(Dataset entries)
Lemma u_star_range : 0 < u_star < 1.
Proof.
  assert (E : sqrt 3 * sqrt 3 = 3) by (apply sqrt_sqrt; lra).
  pose proof (sqrt_pos 3). unfold u_star. split; nra.
Qed.

Lemma dup_w_factor u : dup_w u = 2 * (u - u_star) * (u + u_star + 1).
Proof.
  assert (E : sqrt 3 * sqrt 3 = 3) by (apply sqrt_sqrt; lra).
  unfold dup_w, u_star. nra.
Qed.

Lemma dup_w_pos u : u_star < u -> 0 < dup_w u.
Proof. intros Hu. rewrite dup_w_factor. pose proof u_star_range. nra. Qed.

Lemma dup_w_neg u : 0 <= u < u_star -> dup_w u < 0.
Proof. intros Hu. rewrite dup_w_factor. pose proof u_star_range. nra. Qed.

Lemma dup_u_star : dup u_star = 0.
Proof. unfold dup. rewrite dup_w_factor. unfold Rdiv. ring. Qed.

Lemma dup_pos u : 0 <= u <= 1 -> u <> u_star -> 0 < dup u.
Proof.
  intros Hu Hne. pose proof (dup_D_ge_1 u Hu). unfold dup.
  apply Rdiv_lt_0_compat; [|lra]. apply pow2_gt_0. rewrite dup_w_factor.
  pose proof u_star_range. apply Rmult_integral_contrapositive; split; [|lra].
  apply Rmult_integral_contrapositive; split; lra.
Qed.

Lemma is_derive_dup u : 0 <= u <= 1 -> is_derive dup u (dup' u).
Proof.
  intros Hu. pose proof (dup_D_ge_1 u Hu). unfold dup, dup', dup_w, dup_D, dup_K in *.
  auto_derive; [lra|]. field. lra.
Qed.

(** * The elliptic integral G and its duplication *)

Definition G (u : R) : R := F (sqrt (1 - u ^ 3)).
Definition G' (u : R) : R := -3 / (2 * sqrt u * sqrt (1 - u ^ 3)).

Lemma sqrt_one_sub_cube_range u : 0 <= u <= 1 -> 0 <= sqrt (1 - u ^ 3) <= 1.
Proof.
  intros Hu. pose proof (pow3_range u Hu).
  split; [apply sqrt_pos|]. rewrite <- sqrt_1 at 2. apply sqrt_le_1_alt. lra.
Qed.

Lemma G_0 : G 0 = L.
Proof. unfold G. rewrite pow_i, Rminus_0_r, sqrt_1 by auto. apply F_1. Qed.

Lemma G_1 : G 1 = 0.
Proof. unfold G. rewrite pow1, Rminus_diag, sqrt_0. apply F_0. Qed.

Lemma integrand_sqrt_one_sub_cube u : 0 < u <= 1 ->
  integrand (sqrt (1 - u ^ 3)) = / (u ^ 2 * sqrt u).
Proof.
  intros Hu. pose proof (pow3_range u ltac:(lra)).
  unfold integrand. rewrite pow2_sqrt by lra. replace (1 - (1 - u ^ 3)) with (u ^ 3) by ring.
  rewrite <- (Rpower_pow 3), Rpower_mult by lra.
  replace (INR 3 * - (5 / 6)) with (- (INR 2 + / 2)) by (simpl; field).
  now rewrite Rpower_Ropp, Rpower_plus, Rpower_pow, Rpower_sqrt by lra.
Qed.

Lemma is_derive_G u : 0 < u < 1 -> is_derive G u (G' u).
Proof.
  intros Hu. pose proof (pow3_range_open u Hu).
  assert (Hs : 0 < sqrt (1 - u ^ 3)) by (apply sqrt_lt_R0; lra).
  assert (Hs1 : sqrt (1 - u ^ 3) < 1) by (rewrite <- sqrt_1 at 2; apply sqrt_lt_1_alt; lra).
  pose proof (sqrt_lt_R0 u ltac:(lra)).
  assert (Hd : is_derive (fun v => sqrt (1 - v ^ 3)) u (-3 * u ^ 2 / (2 * sqrt (1 - u ^ 3)))).
  { auto_derive; [lra|]. replace (1 + - (u * (u * (u * 1)))) with (1 - u ^ 3) by ring.
    field. lra. }
  pose proof (is_derive_comp F _ u _ _ (is_derive_F (sqrt (1 - u ^ 3)) ltac:(lra)) Hd) as Hc.
  replace (G' u) with (-3 * u ^ 2 / (2 * sqrt (1 - u ^ 3)) * integrand (sqrt (1 - u ^ 3)));
    [exact Hc|].
  rewrite integrand_sqrt_one_sub_cube by lra. unfold G'. field. lra.
Qed.

Lemma continuity_pt_G u : 0 <= u <= 1 -> continuity_pt G u.
Proof.
  intros Hu. apply (continuity_pt_comp (fun v => sqrt (1 - v ^ 3)) F).
  - apply (continuity_pt_comp (fun v => 1 - v ^ 3) sqrt).
    + apply ex_derive_continuity_pt. auto_derive. exact I.
    + apply continuity_pt_sqrt. pose proof (pow3_range u Hu). lra.
  - apply continuity_pt_F. pose proof (sqrt_one_sub_cube_range u Hu). lra.
Qed.

Lemma continuity_pt_G_dup u : 0 <= u <= 1 -> continuity_pt (fun v => G (dup v)) u.
Proof.
  intros Hu. apply (continuity_pt_comp dup G).
  - apply ex_derive_continuity_pt. eexists. now apply is_derive_dup.
  - now apply continuity_pt_G, dup_range.
Qed.

Lemma sqrt_dup u : 0 <= u <= 1 -> sqrt (dup u) = Rabs (dup_w u) / sqrt (dup_D u).
Proof.
  intros Hu. pose proof (dup_D_ge_1 u Hu).
  assert (Hc : 0 < sqrt (dup_D u)) by (apply sqrt_lt_R0; lra).
  rewrite <- (sqrt_pow2 (Rabs (dup_w u) / sqrt (dup_D u))).
  - f_equal. unfold dup, Rdiv. rewrite Rpow_mult_distr, pow2_abs, pow_inv, pow2_sqrt by lra.
    reflexivity.
  - apply Rdiv_le_0_compat; [apply Rabs_pos|lra].
Qed.

Lemma sqrt_one_sub_dup_cube u : 0 <= u <= 1 ->
  sqrt (1 - dup u ^ 3) = sqrt u * sqrt (1 - u ^ 3) * dup_K u / sqrt (dup_D u) ^ 3.
Proof.
  intros Hu. pose proof (dup_D_ge_1 u Hu). pose proof (dup_K_pos u Hu).
  pose proof (pow3_range u Hu).
  assert (Hc : 0 < sqrt (dup_D u)) by (apply sqrt_lt_R0; lra).
  rewrite <- (sqrt_pow2 (sqrt u * sqrt (1 - u ^ 3) * dup_K u / sqrt (dup_D u) ^ 3)).
  - f_equal. unfold Rdiv. rewrite !Rpow_mult_distr, pow_inv, !pow2_sqrt by lra.
    replace ((sqrt (dup_D u) ^ 3) ^ 2) with ((sqrt (dup_D u) ^ 2) ^ 3) by ring.
    rewrite pow2_sqrt by lra.
    unfold dup. rewrite <- one_sub_dup_cube_poly. field. lra.
  - apply Rdiv_le_0_compat; [|apply pow_lt; lra].
    apply Rmult_le_pos; [apply Rmult_le_pos; apply sqrt_pos|lra].
Qed.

Exercise objective
Your task is to repeat the entries exactly.

Problem solution
Lemma u_star_range : 0 < u_star < 1.
Proof.
  assert (E : sqrt 3 * sqrt 3 = 3) by (apply sqrt_sqrt; lra).
  pose proof (sqrt_pos 3). unfold u_star. split; nra.
Qed.

Lemma dup_w_factor u : dup_w u = 2 * (u - u_star) * (u + u_star + 1).
Proof.
  assert (E : sqrt 3 * sqrt 3 = 3) by (apply sqrt_sqrt; lra).
  unfold dup_w, u_star. nra.
Qed.

Lemma dup_w_pos u : u_star < u -> 0 < dup_w u.
Proof. intros Hu. rewrite dup_w_factor. pose proof u_star_range. nra. Qed.

Lemma dup_w_neg u : 0 <= u < u_star -> dup_w u < 0.
Proof. intros Hu. rewrite dup_w_factor. pose proof u_star_range. nra. Qed.

Lemma dup_u_star : dup u_star = 0.
Proof. unfold dup. rewrite dup_w_factor. unfold Rdiv. ring. Qed.

Lemma dup_pos u : 0 <= u <= 1 -> u <> u_star -> 0 < dup u.
Proof.
  intros Hu Hne. pose proof (dup_D_ge_1 u Hu). unfold dup.
  apply Rdiv_lt_0_compat; [|lra]. apply pow2_gt_0. rewrite dup_w_factor.
  pose proof u_star_range. apply Rmult_integral_contrapositive; split; [|lra].
  apply Rmult_integral_contrapositive; split; lra.
Qed.

Lemma is_derive_dup u : 0 <= u <= 1 -> is_derive dup u (dup' u).
Proof.
  intros Hu. pose proof (dup_D_ge_1 u Hu). unfold dup, dup', dup_w, dup_D, dup_K in *.
  auto_derive; [lra|]. field. lra.
Qed.

(** * The elliptic integral G and its duplication *)

Definition G (u : R) : R := F (sqrt (1 - u ^ 3)).
Definition G' (u : R) : R := -3 / (2 * sqrt u * sqrt (1 - u ^ 3)).

Lemma sqrt_one_sub_cube_range u : 0 <= u <= 1 -> 0 <= sqrt (1 - u ^ 3) <= 1.
Proof.
  intros Hu. pose proof (pow3_range u Hu).
  split; [apply sqrt_pos|]. rewrite <- sqrt_1 at 2. apply sqrt_le_1_alt. lra.
Qed.

Lemma G_0 : G 0 = L.
Proof. unfold G. rewrite pow_i, Rminus_0_r, sqrt_1 by auto. apply F_1. Qed.

Lemma G_1 : G 1 = 0.
Proof. unfold G. rewrite pow1, Rminus_diag, sqrt_0. apply F_0. Qed.

Lemma integrand_sqrt_one_sub_cube u : 0 < u <= 1 ->
  integrand (sqrt (1 - u ^ 3)) = / (u ^ 2 * sqrt u).
Proof.
  intros Hu. pose proof (pow3_range u ltac:(lra)).
  unfold integrand. rewrite pow2_sqrt by lra. replace (1 - (1 - u ^ 3)) with (u ^ 3) by ring.
  rewrite <- (Rpower_pow 3), Rpower_mult by lra.
  replace (INR 3 * - (5 / 6)) with (- (INR 2 + / 2)) by (simpl; field).
  now rewrite Rpower_Ropp, Rpower_plus, Rpower_pow, Rpower_sqrt by lra.
Qed.

Lemma is_derive_G u : 0 < u < 1 -> is_derive G u (G' u).
Proof.
  intros Hu. pose proof (pow3_range_open u Hu).
  assert (Hs : 0 < sqrt (1 - u ^ 3)) by (apply sqrt_lt_R0; lra).
  assert (Hs1 : sqrt (1 - u ^ 3) < 1) by (rewrite <- sqrt_1 at 2; apply sqrt_lt_1_alt; lra).
  pose proof (sqrt_lt_R0 u ltac:(lra)).
  assert (Hd : is_derive (fun v => sqrt (1 - v ^ 3)) u (-3 * u ^ 2 / (2 * sqrt (1 - u ^ 3)))).
  { auto_derive; [lra|]. replace (1 + - (u * (u * (u * 1)))) with (1 - u ^ 3) by ring.
    field. lra. }
  pose proof (is_derive_comp F _ u _ _ (is_derive_F (sqrt (1 - u ^ 3)) ltac:(lra)) Hd) as Hc.
  replace (G' u) with (-3 * u ^ 2 / (2 * sqrt (1 - u ^ 3)) * integrand (sqrt (1 - u ^ 3)));
    [exact Hc|].
  rewrite integrand_sqrt_one_sub_cube by lra. unfold G'. field. lra.
Qed.

Lemma continuity_pt_G u : 0 <= u <= 1 -> continuity_pt G u.
Proof.
  intros Hu. apply (continuity_pt_comp (fun v => sqrt (1 - v ^ 3)) F).
  - apply (continuity_pt_comp (fun v => 1 - v ^ 3) sqrt).
    + apply ex_derive_continuity_pt. auto_derive. exact I.
    + apply continuity_pt_sqrt. pose proof (pow3_range u Hu). lra.
  - apply continuity_pt_F. pose proof (sqrt_one_sub_cube_range u Hu). lra.
Qed.

Lemma continuity_pt_G_dup u : 0 <= u <= 1 -> continuity_pt (fun v => G (dup v)) u.
Proof.
  intros Hu. apply (continuity_pt_comp dup G).
  - apply ex_derive_continuity_pt. eexists. now apply is_derive_dup.
  - now apply continuity_pt_G, dup_range.
Qed.

Lemma sqrt_dup u : 0 <= u <= 1 -> sqrt (dup u) = Rabs (dup_w u) / sqrt (dup_D u).
Proof.
  intros Hu. pose proof (dup_D_ge_1 u Hu).
  assert (Hc : 0 < sqrt (dup_D u)) by (apply sqrt_lt_R0; lra).
  rewrite <- (sqrt_pow2 (Rabs (dup_w u) / sqrt (dup_D u))).
  - f_equal. unfold dup, Rdiv. rewrite Rpow_mult_distr, pow2_abs, pow_inv, pow2_sqrt by lra.
    reflexivity.
  - apply Rdiv_le_0_compat; [apply Rabs_pos|lra].
Qed.

Lemma sqrt_one_sub_dup_cube u : 0 <= u <= 1 ->
  sqrt (1 - dup u ^ 3) = sqrt u * sqrt (1 - u ^ 3) * dup_K u / sqrt (dup_D u) ^ 3.
Proof.
  intros Hu. pose proof (dup_D_ge_1 u Hu). pose proof (dup_K_pos u Hu).
  pose proof (pow3_range u Hu).
  assert (Hc : 0 < sqrt (dup_D u)) by (apply sqrt_lt_R0; lra).
  rewrite <- (sqrt_pow2 (sqrt u * sqrt (1 - u ^ 3) * dup_K u / sqrt (dup_D u) ^ 3)).
  - f_equal. unfold Rdiv. rewrite !Rpow_mult_distr, pow_inv, !pow2_sqrt by lra.
    replace ((sqrt (dup_D u) ^ 3) ^ 2) with ((sqrt (dup_D u) ^ 2) ^ 3) by ring.
    rewrite pow2_sqrt by lra.
    unfold dup. rewrite <- one_sub_dup_cube_poly. field. lra.
  - apply Rdiv_le_0_compat; [|apply pow_lt; lra].
    apply Rmult_le_pos; [apply Rmult_le_pos; apply sqrt_pos|lra].
Qed.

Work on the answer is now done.